About this exercise: All of the data below needs to be set down again, exactly as shown.

Dataset content:

Lemma l1norm_mulmx_col_le (a b c : nat) (A : 'M[R]_(a, b)) (B : 'M[R]_(b, c)) t :
  (forall k, l1norm (A^~ k) <= 1) -> l1norm ((A *m B)^~ t) <= l1norm (B^~ t).
Proof.
move=> hA; apply: le_trans (_ : \sum_i \sum_k `|A i k| * `|B k t| <= _).
  apply: ler_sum => i _; rewrite mxE; apply: le_trans (ler_norm_sum _ _ _) _.
  by apply: ler_sum => k _; rewrite normrM.
rewrite exchange_big; apply: ler_sum => k _ /=.
by rewrite -mulr_suml ler_piMl ?hA.
Qed.

Lemma isEmb_pid_mx (a b : nat) : (a <= b)%N -> isEmb (pid_mx a : 'M[R]_(a, b)).
Proof.
move=> ab; apply: isEmb_of_cols => [j|i]; last first.
  by exists (widen_ord ab i), false => i'; rewrite mxE ltn_ord andbT mul1r.
rewrite /l1norm; case: (ltnP j a) => [ja | aj].
  rewrite (bigD1 (Ordinal ja)) //= big1 => [|i ij]; first by rewrite !mxE eqxx ja normr1 addr0.
  rewrite mxE (_ : (i == j :> nat) = false) ?normr0 //.
  by apply: contraNF ij => /eqP ij; apply/eqP/val_inj.
rewrite big1 ?ler01 // => i _; rewrite mxE (_ : (i == j :> nat) = false) ?normr0 //.
by apply/negbTE; rewrite neq_ltn (leq_trans (ltn_ord i) aj).
Qed.

Lemma l1norm_colB (a b : nat) (A B : 'M[R]_(a, b)) j :
  l1norm ((A - B)^~ j) = l1dist (A^~ j) (B^~ j).
Proof. by apply: eq_bigr => i _; rewrite !mxE. Qed.

(* Any two embeddings are [2]-close. *)
Lemma EmbRamsey_trivial d m r (eps : R) n : (d <= m)%N -> (m <= n)%N -> 2 <= eps ->
  EmbRamsey d m r eps n.
Proof.
move=> dm mn eps2 c hc.
have gamma_emb := isEmb_pid_mx mn; set gamma := pid_mx m in gamma_emb.
have phi0_emb := isEmb_mul (isEmb_pid_mx dm) gamma_emb.
exists gamma => //; exists (c (pid_mx d *m gamma)); first exact: hc.
move=> phi phi_emb; exists (pid_mx d *m gamma) => //.
apply: opnorm_le => [|j]; first lra.
rewrite l1norm_colB; apply: le_trans (l1dist_le_norm _ _) _.
have := isEmb_col_l1 j (isEmb_mul phi_emb gamma_emb); have := isEmb_col_l1 j phi0_emb; lra.
Qed.

End Embeddings.

(** * From rigid surjections to embeddings *)

Section SignedPatterns.
Variables (R : realType) (d m : nat).

Local Notation pattern := ({ffun 'I_d -> 'I_m} * {ffun 'I_d -> bool})%type.

Definition patterns : {set pattern} := [set x : pattern | injectiveb x.1].

Lemma card_patterns : (d <= m)%N -> #|patterns| = (2 ^ d * (m`! %/ (m - d)`!))%N.
Proof.
move=> dm; rewrite -ffact_factd //.
have -> : patterns =
    finset.setX [set f : {ffun 'I_d -> 'I_m} | injectiveb f] [set: {ffun 'I_d -> bool}].
  by apply/setP => x; rewrite !inE andbT.
by rewrite cardsX card_inj_ffuns cardsT card_ffun !card_ord card_bool mulnC.
Qed.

Written reply:
Lemma l1norm_mulmx_col_le (a b c : nat) (A : 'M[R]_(a, b)) (B : 'M[R]_(b, c)) t :
  (forall k, l1norm (A^~ k) <= 1) -> l1norm ((A *m B)^~ t) <= l1norm (B^~ t).
Proof.
move=> hA; apply: le_trans (_ : \sum_i \sum_k `|A i k| * `|B k t| <= _).
  apply: ler_sum => i _; rewrite mxE; apply: le_trans (ler_norm_sum _ _ _) _.
  by apply: ler_sum => k _; rewrite normrM.
rewrite exchange_big; apply: ler_sum => k _ /=.
by rewrite -mulr_suml ler_piMl ?hA.
Qed.

Lemma isEmb_pid_mx (a b : nat) : (a <= b)%N -> isEmb (pid_mx a : 'M[R]_(a, b)).
Proof.
move=> ab; apply: isEmb_of_cols => [j|i]; last first.
  by exists (widen_ord ab i), false => i'; rewrite mxE ltn_ord andbT mul1r.
rewrite /l1norm; case: (ltnP j a) => [ja | aj].
  rewrite (bigD1 (Ordinal ja)) //= big1 => [|i ij]; first by rewrite !mxE eqxx ja normr1 addr0.
  rewrite mxE (_ : (i == j :> nat) = false) ?normr0 //.
  by apply: contraNF ij => /eqP ij; apply/eqP/val_inj.
rewrite big1 ?ler01 // => i _; rewrite mxE (_ : (i == j :> nat) = false) ?normr0 //.
by apply/negbTE; rewrite neq_ltn (leq_trans (ltn_ord i) aj).
Qed.

Lemma l1norm_colB (a b : nat) (A B : 'M[R]_(a, b)) j :
  l1norm ((A - B)^~ j) = l1dist (A^~ j) (B^~ j).
Proof. by apply: eq_bigr => i _; rewrite !mxE. Qed.

(* Any two embeddings are [2]-close. *)
Lemma EmbRamsey_trivial d m r (eps : R) n : (d <= m)%N -> (m <= n)%N -> 2 <= eps ->
  EmbRamsey d m r eps n.
Proof.
move=> dm mn eps2 c hc.
have gamma_emb := isEmb_pid_mx mn; set gamma := pid_mx m in gamma_emb.
have phi0_emb := isEmb_mul (isEmb_pid_mx dm) gamma_emb.
exists gamma => //; exists (c (pid_mx d *m gamma)); first exact: hc.
move=> phi phi_emb; exists (pid_mx d *m gamma) => //.
apply: opnorm_le => [|j]; first lra.
rewrite l1norm_colB; apply: le_trans (l1dist_le_norm _ _) _.
have := isEmb_col_l1 j (isEmb_mul phi_emb gamma_emb); have := isEmb_col_l1 j phi0_emb; lra.
Qed.

End Embeddings.

(** * From rigid surjections to embeddings *)

Section SignedPatterns.
Variables (R : realType) (d m : nat).

Local Notation pattern := ({ffun 'I_d -> 'I_m} * {ffun 'I_d -> bool})%type.

Definition patterns : {set pattern} := [set x : pattern | injectiveb x.1].

Lemma card_patterns : (d <= m)%N -> #|patterns| = (2 ^ d * (m`! %/ (m - d)`!))%N.
Proof.
move=> dm; rewrite -ffact_factd //.
have -> : patterns =
    finset.setX [set f : {ffun 'I_d -> 'I_m} | injectiveb f] [set: {ffun 'I_d -> bool}].
  by apply/setP => x; rewrite !inE andbT.
by rewrite cardsX card_inj_ffuns cardsT card_ffun !card_ord card_bool mulnC.
Qed.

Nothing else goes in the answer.